The JD(S) supremo made this suggestion at an all-party meeting with leaders of various political outfits and top union ministers, chaired by Prime Minister Narendra Modi, to discuss the COVID-19 pandemic situation in the country, his office said in a statement.
Stating that the period between now and the administering of vaccines should be treated with great care to ensure that the number of COVID-19 cases do not spiral out of control and further pressurize the healthcare system, he said hopes of a vaccine cannot be the basis to throw caution to the wind. The transport and storage of vaccines would pose a major challenge, he said, adding that it would be best for the government to announce a high-level team to coordinate the vaccination efforts.
"This team should directly report to the PMO, and also engage in creating a network of medical and paramedical volunteers at the panchayat level, our basic governance unit," he added. Gowda is a member of the Rajya Sabha representing Karnataka.
Noting that long-term storage of vaccines is possible only through cold storage facilities, Gowda said the Prime Minister should pass on this challenge to the IITs. "They should tell us how to convert any room into a cold storage facility with an inexpensive assembly unit," he said.
Floor leaders from all parties in the Lok Sabha and the Rajya Sabha were invited to attend the virtual meeting. This was the second all-party meeting called by the government to discuss the COVID-19 situation since the outbreak of the coronavirus.

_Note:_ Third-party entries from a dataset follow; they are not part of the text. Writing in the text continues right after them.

Theorem lemma5p6 (R : realType) (k0 : nat) (mu : int * int -> R)
  (mu1 mu2 : nat -> int * int -> R) (mu12 : nat -> nat -> int * int -> R) :
  (0 < k0)%N ->
  is_prob mu ->
  (forall j, (j < k0)%N -> is_prob (mu1 j)) ->
  (forall i, (i < k0)%N -> is_prob (mu2 i)) ->
  (forall i j, (i < k0)%N -> (j < k0)%N -> is_prob (mu12 i j)) ->
  (* (A1) *)
  (forall a b : int, (a < - k0%:Z \/ b < - k0%:Z) -> mu (a, b) = 0) ->
  (forall (j : nat) (a b : int), (j < k0)%N ->
     (a < - k0%:Z \/ b < - j%:Z) -> mu1 j (a, b) = 0) ->
  (forall (i : nat) (a b : int), (i < k0)%N ->
     (b < - k0%:Z \/ a < - i%:Z) -> mu2 i (a, b) = 0) ->
  (forall (i j : nat) (a b : int), (i < k0)%N -> (j < k0)%N ->
     (a < - i%:Z \/ b < - j%:Z) -> mu12 i j (a, b) = 0) ->
  (* (A2) *)
  (exists (delta gamma C : R), 0 < delta /\ 0 < gamma /\ 0 < C /\
     forall z : nat * nat,
       (\esum_(z' in [set: nat * nat])
          (kerZ k0 mu mu1 mu2 mu12 z z' *
           expR (delta * (z'.1%:R - z.1%:R) + gamma * (z'.2%:R - z.2%:R)))%:E
        <= C%:E)%E) ->
  (* (A3) *)
  irreducible (kerZ0 mu) ->
  irreducible (kerZ1 k0 mu mu2) ->
  irreducible (kerZ2 k0 mu mu1) ->
  irreducible (kerZ k0 mu mu1 mu2 mu12) ->
  (* m_2 < 0 *)
  (mean2 mu < 0)%E ->
  forall k : nat,
  exists (C theta theta' : R), 0 < C /\ 0 < theta /\ 0 < theta' /\
    forall (i : nat) (j l : int), (k0 <= i)%N ->
      (hitY (kerZ1 k0 mu mu2) (maxn k0.-1 k) l (i, j)
       <= (C * expR (- theta * (l - j)%:~R - theta' * i%:R))%:E)%E.
Proof.
move=> k0_gt0 [mu_ge0 mu_sum1] _ mu2_prob _ mu_supp _ _ _
  [dl [gm [C [dl0 [gm0 [C0 A2]]]]]] _ _ _ _ m2_lt0 k.
have M2 := mu_exp_moment2_of_kerZ mu_ge0 mu_supp (ltW dl0) (A2 (k0, k0)).
have [t [c [t0 c0 Ht]]] := exp_moment2_lt1 mu_ge0 mu_sum1 mu_supp gm0
  (mulr_gt0 (expR_gt0 _) C0) m2_lt0 M2.
have Htilt := tilted_moment_le1 mu_ge0 mu_supp k0_gt0 c0 Ht.
set K := maxn k0.-1 k; set et := c / k0%:R.
have et0 : 0 < et by rewrite divr_gt0 ?ltr0n.
exists (expR (et * K%:R)), t, et; split; [exact: expR_gt0 | split => //; split => //].
move=> i j l ik0.
have kerZ1_ge0 z z' : 0 <= kerZ1 k0 mu mu2 z z'.
  by rewrite /kerZ1; case: ifPn; rewrite // -ltnNge => /mu2_prob[].
have lyap_ge0 z : 0 <= lyap t et K l z := expR_ge0 _.
have lyap_ge1_target z : (z.1 <= K)%N -> z.2 = l -> 1 <= lyap t et K l z.
  exact/lyap_ge1/ltW.
have K_lt_k0 (z : nat * int) : (K < z.1)%N -> (k0 <= z.1)%N.
  by rewrite gtn_max => /andP[+ _]; rewrite -ltnS prednK.
have lyap_super (z : nat * int) : (k0 <= z.1)%N -> _ :=
  kerZ1_lyap_superharmonic mu2 t et K l z mu_ge0 Htilt.
apply: le_trans (hitY_le_superharmonic kerZ1_ge0 lyap_ge0 lyap_ge1_target K_lt_k0
  lyap_super (i, j) ik0) _.
by rewrite lee_fin /lyap -expRD ler_expR /= intrB; lra.
Qed.
Theorem mainTheorem5 (r s k : nat) :
  (1 <= k)%N -> (k <= s)%N -> (s < r)%N ->
  forall w : {perm idx r}, @in_WMQ_min r s k w -> @in_WP_min r k w.
Proof.
move=> k1 ks sr w [wM wmin].
have ksr : (k <= s <= r)%N by rewrite ks ltnW.
have kr : (k <= r)%N by lia.
have wB : w \in Wblock r s := subsetP (WM_Wblock r s) w wM.
have WQ_B : WQ r s k \subset Wblock r s := subset_trans (subsetIl _ _) (WM_Wblock r s).
have WP_W : WP r k \subset Wblock r 0.
  by apply/subsetP=> g /(subsetP (WP_Wlevi kr)) /WleviP[/Wblock_Weyl]; rewrite Weyl_Wblock0.
rewrite SM_refls ?(leq_trans k1 ks) // in wmin.
have wlevi : levi_increasing k w^-1.
  by apply: (WQ_min_levi_increasing ksr wB); apply/(minrep_ninvP (ltnW sr) WQ_B wB).
have wW : w \in Weyl r := Wblock_Weyl wB.
split=> //; rewrite Ssimple_refls; apply/(minrep_ninvP (leq0n r) WP_W); first by rewrite -Weyl_Wblock0.
move=> v; rewrite mem_lcoset => gP; rewrite -(mulKVg w v).
exact: ninv_mul_Wlevi wW wlevi (subsetP (WP_Wlevi kr) _ gP).
Qed.
Theorem corollary1 (R : realType) (N : nat) (dist : 'I_N -> 'I_N -> nat)
  (n_ m_ : 'I_N -> nat)
  (A : 'M[R]_((\sum_i n_ i)%N, (\sum_i n_ i)%N))
  (B : 'M[R]_((\sum_i n_ i)%N, (\sum_i m_ i)%N))
  (K : 'M[R]_((\sum_i m_ i)%N, (\sum_i n_ i)%N))
  (S : 'M[R]_((\sum_i n_ i)%N, (\sum_i n_ i)%N))
  (Rm : 'M[R]_((\sum_i m_ i)%N, (\sum_i m_ i)%N))
  (gamma_sys c_A c_B c_K tau rho : R) (kappa : nat) (i : 'I_N)
  (P : 'M[R]_((\sum_i n_ i)%N, (\sum_i n_ i)%N)) :
  (forall j, dist j j = 0%N) ->
  (forall j l, dist j l = dist l j) ->
  (forall j l r, (dist j r <= dist j l + dist l r)%N) ->
  0 < gamma_sys -> (1 <= kappa)%N ->
  block_diag S -> block_diag Rm ->
  (forall j, psd (submxblock S j j)) -> (forall j, pd (submxblock Rm j j)) ->
  1 <= c_A -> 1 <= c_B ->
  SED dist A c_A gamma_sys -> SED dist B c_B gamma_sys ->
  in_Kkappa dist kappa K -> SED dist K c_K gamma_sys ->
  0 < rho -> mx_stable tau rho (A + B *m K) ->
  let Si := keep_block i S in
  let Ri := keep_block i Rm in
  let Ki := submxcol K i in
  let Q := Si + Ki^T *m submxblock Rm i i *m Ki in
  P = Q + (A + B *m K)^T *m P *m (A + B *m K) ->
  let c_P := opnorm Q * tau ^+ 2 / (1 - expR (- 2 * rho))
             + 2 * (opnorm (submxblock S i i) + opnorm (submxblock Rm i i) * c_K ^+ 2) in
  let gamma_P := rho * gamma_sys / (rho + ln (N%:R * c_A + N%:R ^+ 2 * c_B * c_K)) in
  let c_H := Num.max (opnorm Si + N%:R ^+ 2 * c_A ^+ 2 * c_P)
               (Num.max (N%:R ^+ 2 * c_A * c_B * c_P)
                        (opnorm Ri + N%:R ^+ 2 * c_B ^+ 2 * c_P)) in
  SED_away dist i (Si + A^T *m P *m A) c_H gamma_P /\
  SED_away dist i (A^T *m P *m B) c_H gamma_P /\
  SED_away dist i (Ri + B^T *m P *m B) c_H gamma_P.
Proof.
move=> dist_refl _ dist_triangle g_gt0 _ _ _ _ _ cA_ge1 cB_ge1 A_SED B_SED _ K_SED
  rho_gt0 M_stable Si Ri Ki Q P_lyap c_P gamma_P c_H.
have cA_ge0 : 0 <= c_A := le_trans ler01 cA_ge1.
have cB_ge0 : 0 <= c_B := le_trans ler01 cB_ge1.
have P_away : SED_away dist i P c_P gamma_P := lqr_lyap_SED_away dist_refl
  dist_triangle g_gt0 cA_ge1 cB_ge0 rho_gt0 A_SED B_SED K_SED M_stable P_lyap.
have cK_ge0 : 0 <= c_K := block_bounded_ge0 (l := i) (decay_gt0 _ _) K_SED.
have L_ge1 : 1 <= N%:R * c_A + N%:R ^+ 2 * c_B * c_K.
  rewrite -[leLHS]addr0; apply: lerD; last by rewrite !mulr_ge0 ?exprn_ge0 ?ler0n.
  by apply: mulr_ege1 => //; rewrite ler1n (leq_ltn_trans (leq0n i) (ltn_ord i)).
have gP_ge0 : 0 <= gamma_P by apply: decay_rate_ge0.
have gP_le : gamma_P <= gamma_sys by apply: decay_rate_le.
have cP_ge0 : 0 <= c_P := block_bounded_ge0 (l := i) (decay_gt0 _ _) P_away.
have w_ge0 l j : 0 <= away_profile dist i gamma_P l j by apply: decay_ge0.
have H11 : SED_away dist i (Si + A^T *m P *m A)
    (opnorm Si + N%:R ^+ 2 * c_A ^+ 2 * c_P) gamma_P.
  exact (away_quadratic_form dist_refl dist_triangle S gP_ge0 gP_le cA_ge0 cP_ge0 A_SED P_away).
have H12 := SED_away_sandwich dist_triangle gP_ge0 gP_le cA_ge0 cB_ge0 cP_ge0
  A_SED P_away B_SED.
have H22 : SED_away dist i (Ri + B^T *m P *m B)
    (opnorm Ri + N%:R ^+ 2 * c_B ^+ 2 * c_P) gamma_P.
  exact (away_quadratic_form dist_refl dist_triangle Rm gP_ge0 gP_le cB_ge0 cP_ge0 B_SED P_away).
split; [|split].
- by apply: (block_bounded_le w_ge0 _ H11); rewrite /c_H !le_max lexx.
- by apply: (block_bounded_le w_ge0 _ H12); rewrite /c_H !le_max lexx orbT.
- by apply: (block_bounded_le w_ge0 _ H22); rewrite /c_H !le_max lexx !orbT.
Qed.
(* Let $R>1$ and let $f,g:\mathbb{D}_{R}\to\mathbb{C}$ be analytic in $\mathbb{D}_{R}=\{z\in\mathbb{C}:|z|<R\}$, $f(z)=\sum_{k=0}^{\infty}a_{k}z^{k}$, $g(z)=\sum_{k=0}^{\infty}b_{k}z^{k}$ for $z\in\mathbb{D}_{R}$. Let $1\le r<R$. Then $\sum_{m=0}^{\infty}m^{2}\big[\sum_{j=0}^{m}|a_{j}||b_{m-j}|\big]r^{m-1}<+\infty$ and for all $n\in\mathbb{N}$, $$\|B_{n}(fg)-B_{n}(f)B_{n}(g)\|_{r}\le\frac{6(1+r)}{n}\sum_{m=0}^{\infty}m^{2}\Big[\sum_{j=0}^{m}|a_{j}||b_{m-j}|\Big]r^{m-1}.$$
   Context: For a function $h$ defined on $[0,1]$ (here the restriction of an analytic function), the complex Bernstein polynomials are $B_{n}(h)(z)=\sum_{k=0}^{n}\binom{n}{k}z^{k}(1-z)^{n-k}h(k/n)$, $z\in\mathbb{C}$. For $h$ continuous on $\{|z|\le r\}$, $\|h\|_{r}=\max\{|h(z)|:|z|\le r\}$. *)

From Stdlib Require Import Reals.
From Coquelicot Require Import Coquelicot.

Open Scope R_scope.

Fixpoint cpow (z : C) (k : nat) : C :=
  match k with
  | O => 1%C
  | S k' => Cmult z (cpow z k')
  end.

Definition power_series_on (R0 : R) (a : nat -> C) (f : C -> C) : Prop :=
  forall z : C, Cmod z < R0 -> is_series (fun k => Cmult (a k) (cpow z k)) (f z).

Definition bernstein (n : nat) (h : C -> C) (z : C) : C :=
  sum_n (fun k => Cmult (RtoC (Binomial.C n k))
                   (Cmult (cpow z k)
                    (Cmult (cpow (Cminus 1%C z) (n - k))
                           (h (RtoC (INR k / INR n)))))) n.
Theorem lemma3p2 (R : realType) (N : nat) (Gamma : set 'M[R]_N)
    (f : 'cV[R]_N -> 'cV[R]_N) (xstar : R -> 'cV[R]_N) (p : R) (n : nat)
    (h : 'M[R]_N) (b : R) (m : nat) (theta_h : R)
    (U : R -> R -> (R -> 'cV[R]_N) -> (R -> 'cV[R]_N)) :
  compact_subgroup_ON Gamma ->
  C2 f ->
  equivariant Gamma f ->
  periodic_solution f xstar p ->
  discrete_wave Gamma xstar n ->
  Hgrp Gamma xstar h ->
  is_theta xstar p h theta_h ->
  (1 <= m <= n)%N ->
  theta_h = m%:R / n%:R * p ->
  solution_operators f xstar b h theta_h U ->
  let Uh := fun phi : R -> 'cV[R]_N =>
              (fun v => invmx h *m U (m%:R / n%:R * p) 0 phi v) in
  forall phi : R -> 'cV[R]_N, {within `[- theta_h, 0], continuous phi} ->
  forall v, - theta_h <= v <= 0 ->
    iter m (U p 0) phi v = (h ^+ n) *m (iter n Uh phi v).
Proof.
move=> [G_orth _ _ G_inv _] f_C2 f_eqv [p_gt0 x_deriv x_per _] _ [Gh _] [_ h_shift]
  /andP[m_ge1 m_le_n] thE HU Uh phi phi_c v v_in.
have n_gt0 : (0 < n)%N by apply: leq_trans m_le_n.
have th_gt0 : 0 < theta_h by rewrite thE !mulr_gt0 ?invr_gt0 ?ltr0n.
have h_unit : h \in unitmx by have [] := mulmx1_unit (G_orth h Gh).
have x_cont : continuous xstar.
  by move=> t; apply/differentiable_continuous/derivable1_diffP; case: (x_deriv t).
have [Y [Y_sol _]] := HU 0 0 phi (lexx 0) phi_c.
have -> : Uh = (fun psi w => invmx h *m U theta_h 0 psi w) by rewrite /Uh thE.
have hinv_eqv w : f (invmx h *m w) = invmx h *m f w by apply: f_eqv; exact: G_inv.
have hinv_comm : invmx h *m h = h *m invmx h by rewrite mulVmx // mulmxV.
have hinv_shift t : invmx h *m xstar (t + theta_h) = xstar t.
  by rewrite -h_shift mulKmx.
rewrite (iter_solution_operatorE th_gt0 f_C2 x_cont HU (ltW p_gt0) x_per Y_sol) //.
rewrite (iter_twisted_solution_operatorE th_gt0 f_C2 x_cont HU (ltW th_gt0)
  hinv_eqv hinv_comm hinv_shift Y_sol) //.
rewrite mulmxA mulmxE mulmx_exp_invmx // mul1mx thE.
by rewrite mulrA mulrCA divff ?mulr1 // pnatr_eq0 -lt0n.
Qed.
(* Lagrangian duality with the single multiplier [nu = 1 / (x_s + omega_{upsilon*})]
   on the sum-rate constraints.  With [s_k = d_rk^alpha / N] and
   [t_k = s_k / (s_k + Q_k)], the bound [I_k] becomes [ln (a_k + b_k t_k)] and the
   quantization penalty in [xi] becomes [- ln (1 - t_k)].  Weighting the sum
   constraint over the users with [R_k > ln a_k] by [nu] bounds the objective of
   any feasible point by [sum_k mu_k ln a_k + nu ln lambda_s + sum_k max_t L_k t],
   where each [L_k] is a concave function of [t] alone.  [L_k] is maximal at
   [t = 1 - nu omega_k] when [nu omega_k <= 1] and at [t = 0] otherwise; by the
   choice of [upsilon*] the first case happens exactly for [k <= upsilon*], and
   these maximizers are the shares of [Q*].  Finally [f(x_s) = 0] says that [Q*]
   makes the sum-rate constraint over all users tight, so [Q*] attains the bound. *)

Lemma ln_prod (R : realType) (I : Type) (r : seq I) (P : pred I) (F : I -> R) :
  (forall i, P i -> 0 < F i) ->
  ln (\prod_(i <- r | P i) F i) = \sum_(i <- r | P i) ln (F i).
Proof.
move=> F_gt0; elim: r => [|i r IHr]; first by rewrite !big_nil ln1.
rewrite !big_cons; case: ifP => // Pi.
by rewrite lnM ?posrE ?IHr ?F_gt0 //; apply: prodr_gt0.
Qed.

Lemma lnB_le (R : realType) (x y : R) : 0 < x -> 0 < y -> ln x - ln y <= x / y - 1.
Proof.
move=> x_gt0 y_gt0; rewrite -ln_div ?posrE //.
have xy_gt0 : 0 < x / y by exact: divr_gt0.
by have := @le_ln1Dx R (x / y - 1); rewrite (addrC 1) subrK; apply; lra.
Qed.

Lemma prod_ord_leS (R : comPzSemiRingType) (K : nat) (F : 'I_K -> R) (v u : 'I_K) :
  u = v.+1 :> nat ->
  \prod_(i < K | (i <= u)%N) F i = F u * \prod_(i < K | (i <= v)%N) F i.
Proof.
move=> uE; rewrite (bigD1 u) //=; congr (_ * _); apply: eq_bigl => i.
by rewrite -(inj_eq val_inj) /= uE andbC -ltn_neqAle ltnS.
Qed.

Lemma sum_set_le (R : numDomainType) (I : finType) (L : {set I}) (F : I -> R) :
  (forall i, 0 <= F i) -> \sum_(i in L) F i <= \sum_i F i.
Proof.
move=> F_ge0; rewrite [leRHS](bigID (mem L)) /= lerDl.
by apply: sumr_ge0 => i _; exact: F_ge0.
Qed.

Section UserLagrangian.
Variable R : realType.
Implicit Types mu nu a b t : R.

Definition rate_gain a b t := ln (a + b * t) - ln a.

Definition share_penalty t := - ln (1 - t).

Definition user_lagrangian mu nu a b t :=
  mu * rate_gain a b t - nu * (rate_gain a b t + share_penalty t).

Lemma rate_gain_ge0 a b t : 0 < a -> 0 <= b -> 0 <= t -> 0 <= rate_gain a b t.
Proof.
move=> a_gt0 b_ge0 t_ge0; have bt_ge0 := mulr_ge0 b_ge0 t_ge0.
by rewrite subr_ge0 ler_ln ?posrE; lra.
Qed.

Lemma share_penalty_ge0 t : 0 <= t < 1 -> 0 <= share_penalty t.
Proof. by move=> /andP[t_ge0 t_lt1]; rewrite oppr_ge0 ln_le0 //; lra. Qed.

Lemma user_lagrangian0 mu nu a b : user_lagrangian mu nu a b 0 = 0.
Proof.
by rewrite /user_lagrangian /rate_gain /share_penalty mulr0 addr0 subrr subr0 ln1; ring.
Qed.

Lemma user_lagrangian_tangent mu nu a b t t0 :
  0 <= nu <= mu -> 0 < a -> 0 < b -> 0 <= t < 1 -> 0 <= t0 < 1 ->
  user_lagrangian mu nu a b t - user_lagrangian mu nu a b t0 <=
  (t - t0) * ((mu - nu) * b / (a + b * t0) - nu / (1 - t0)).
Proof.
move=> /andP[nu_ge0 nu_le_mu] a_gt0 b_gt0 /andP[t_ge0 t_lt1] /andP[t0_ge0 t0_lt1].
have bt_ge0 := mulr_ge0 (ltW b_gt0) t_ge0.
have bt0_ge0 := mulr_ge0 (ltW b_gt0) t0_ge0.
have gain : (mu - nu) * (ln (a + b * t) - ln (a + b * t0)) <=
            (mu - nu) * ((a + b * t) / (a + b * t0) - 1).
  by apply: ler_wpM2l; [lra | apply: lnB_le; lra].
have penalty : nu * (ln (1 - t) - ln (1 - t0)) <= nu * ((1 - t) / (1 - t0) - 1).
  by apply: ler_wpM2l => //; apply: lnB_le; lra.
have -> : (t - t0) * ((mu - nu) * b / (a + b * t0) - nu / (1 - t0)) =
          (mu - nu) * ((a + b * t) / (a + b * t0) - 1) + nu * ((1 - t) / (1 - t0) - 1).
  by field; rewrite !gt_eqF //; lra.
move: gain penalty; rewrite /user_lagrangian /rate_gain /share_penalty !mulrBr; lra.
Qed.
(* Let $f:\mathbb{R}\to\mathbb{R}$ be a function whose derivative $f'$ is eventually constant, i.e. there exist $t_-\le t_+$ in $\mathbb{R}$ such that $f'(t)=f'(t_-)$ for all $t\le t_-$ and $f'(t)=f'(t_+)$ for all $t\ge t_+$. Let $g(t)=\max(f(t),0)$. Then $$I(g') \le I(f').$$
   Context: Functions considered are continuous and differentiable except possibly at finitely many points; derivatives are taken where they exist, and $h(\infty)$, $h(-\infty)$ denote the limits of $h(t)$ as $t\to\pm\infty$. For $h:\mathbb{R}\to\mathbb{R}$ the total variation on $[a,b]$ is $V_a^b(h)=\sup_{T}\sum_{t_i\in T}|h(t_i)-h(t_{i-1})|$, the supremum over all partitions $T$ of $[a,b]$, and $V_{-\infty}^{\infty}$ is the corresponding total variation over the whole real line. The intrinsic variability of $h$ is $I(h) = V_{-\infty}^{\infty}(h) + |h(\infty)| + |h(-\infty)|$. *)

From Stdlib Require Import Reals Lra List Sorted.
From Coquelicot Require Import Coquelicot.
Open Scope R_scope.

Fixpoint var_sum (h : R -> R) (l : list R) : R :=
  match l with
  | x :: ((y :: _) as l') => Rabs (h y - h x) + var_sum h l'
  | _ => 0
  end.

Definition total_var (h : R -> R) (D : R -> Prop) : Rbar :=
  Lub_Rbar (fun r => exists l : list R,
              Sorted Rlt l /\ List.Forall D l /\ r = var_sum h l).

Definition intrinsic_var (h : R -> R) (D : R -> Prop) : Rbar :=
  Rbar_plus (total_var h D)
    (Rbar_plus (Rbar_abs (Lim h p_infty)) (Rbar_abs (Lim h m_infty))).

Definition I_deriv (f : R -> R) : Rbar :=
  intrinsic_var (Derive f) (fun t => ex_derive f t).

From Stdlib Require Import Reals List.
From Coquelicot Require Import Coquelicot.
From Stdlib Require Import Lra Sorted SetoidList.
Import ListNotations.
Open Scope R_scope.

(* Where g = max(f, 0) is differentiable, g' = f' if f > 0 and g' = 0 if
   f <= 0 (at a root of f, g has a minimum).  Take a sorted family of such
   points and pad the values of g' with 0 at both ends.  A maximal run of
   points with f <= 0 between neighbouring values a, b of f' contributes
   |a| + |b|.  After a point with f > 0 and before the next one with f <= 0,
   f falls, so f'(p) < 0 for some p in between; before the next point with
   f > 0 it rises, so f'(q) > 0 for some q.  Replacing the run by p, q costs
   at least as much, since |f'(p) - a| + |f'(q) - f'(p)| + |b - f'(q)| >=
   |a| + |b| when f'(p) < 0 < f'(q).  So every 0-padded variation sum of g'
   is dominated by one of f'.  Since f is eventually affine, f' and g' are
   eventually constant, and adding points far out turns 0-padded sums into
   variation sums plus the two limit terms of I. *)

Fixpoint padded_var (h : R -> R) (a : R) (l : list R) (b : R) : R :=
  match l with
  | [] => Rabs (b - a)
  | x :: l' => Rabs (h x - a) + padded_var h (h x) l' b
  end.

Lemma var_sum_le_padded_var (h : R -> R) (a : R) (l : list R) (b : R) :
  var_sum h l <= padded_var h a l b.
Proof.
  revert a; induction l as [|x l IH]; intros a; cbn [padded_var].
  - apply Rabs_pos.
  - destruct l as [|y l]; cbn [var_sum padded_var] in *.
    + pose proof (Rabs_pos (h x - a)); pose proof (Rabs_pos (b - h x)); lra.
    + specialize (IH (h y)); cbn [padded_var] in IH.
      rewrite Rminus_diag, Rabs_R0 in IH.
      pose proof (Rabs_pos (h x - a)); lra.
Qed.

Lemma padded_var_ends (h : R -> R) (a a' : R) (l : list R) (b b' : R) :
  padded_var h a l b <= Rabs (a' - a) + padded_var h a' l b' + Rabs (b - b').
Proof.
  revert a a'; induction l as [|x l IH]; intros a a'; cbn [padded_var].
  - pose proof (Rabs_triang (b - b') (b' - a')).
    pose proof (Rabs_triang (b - a') (a' - a)).
    replace (b - b' + (b' - a')) with (b - a') in * by ring.
    replace (b - a' + (a' - a)) with (b - a) in * by ring. lra.
  - specialize (IH (h x) (h x)). rewrite Rminus_diag, Rabs_R0 in IH.
    pose proof (Rabs_triang (h x - a') (a' - a)).
    replace (h x - a' + (a' - a)) with (h x - a) in * by ring. lra.
Qed.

According to the former PM's office, Gowda also sought to know whether the Centre would bear the cost of the vaccination programme or state governments would have to share the cost. Questioning whether India was going to buy vaccines from other countries since it may not have the capacity to meet the large requirements, he asked "should we allow Phase 3 vaccine trials more time to assess its efficacy and safety? How many people are we going to vaccinate in the first round?" Modi had recently visited pharmaceutical companies in Ahmedabad, Hyderabad and Pune to review coronavirus vaccine development work there.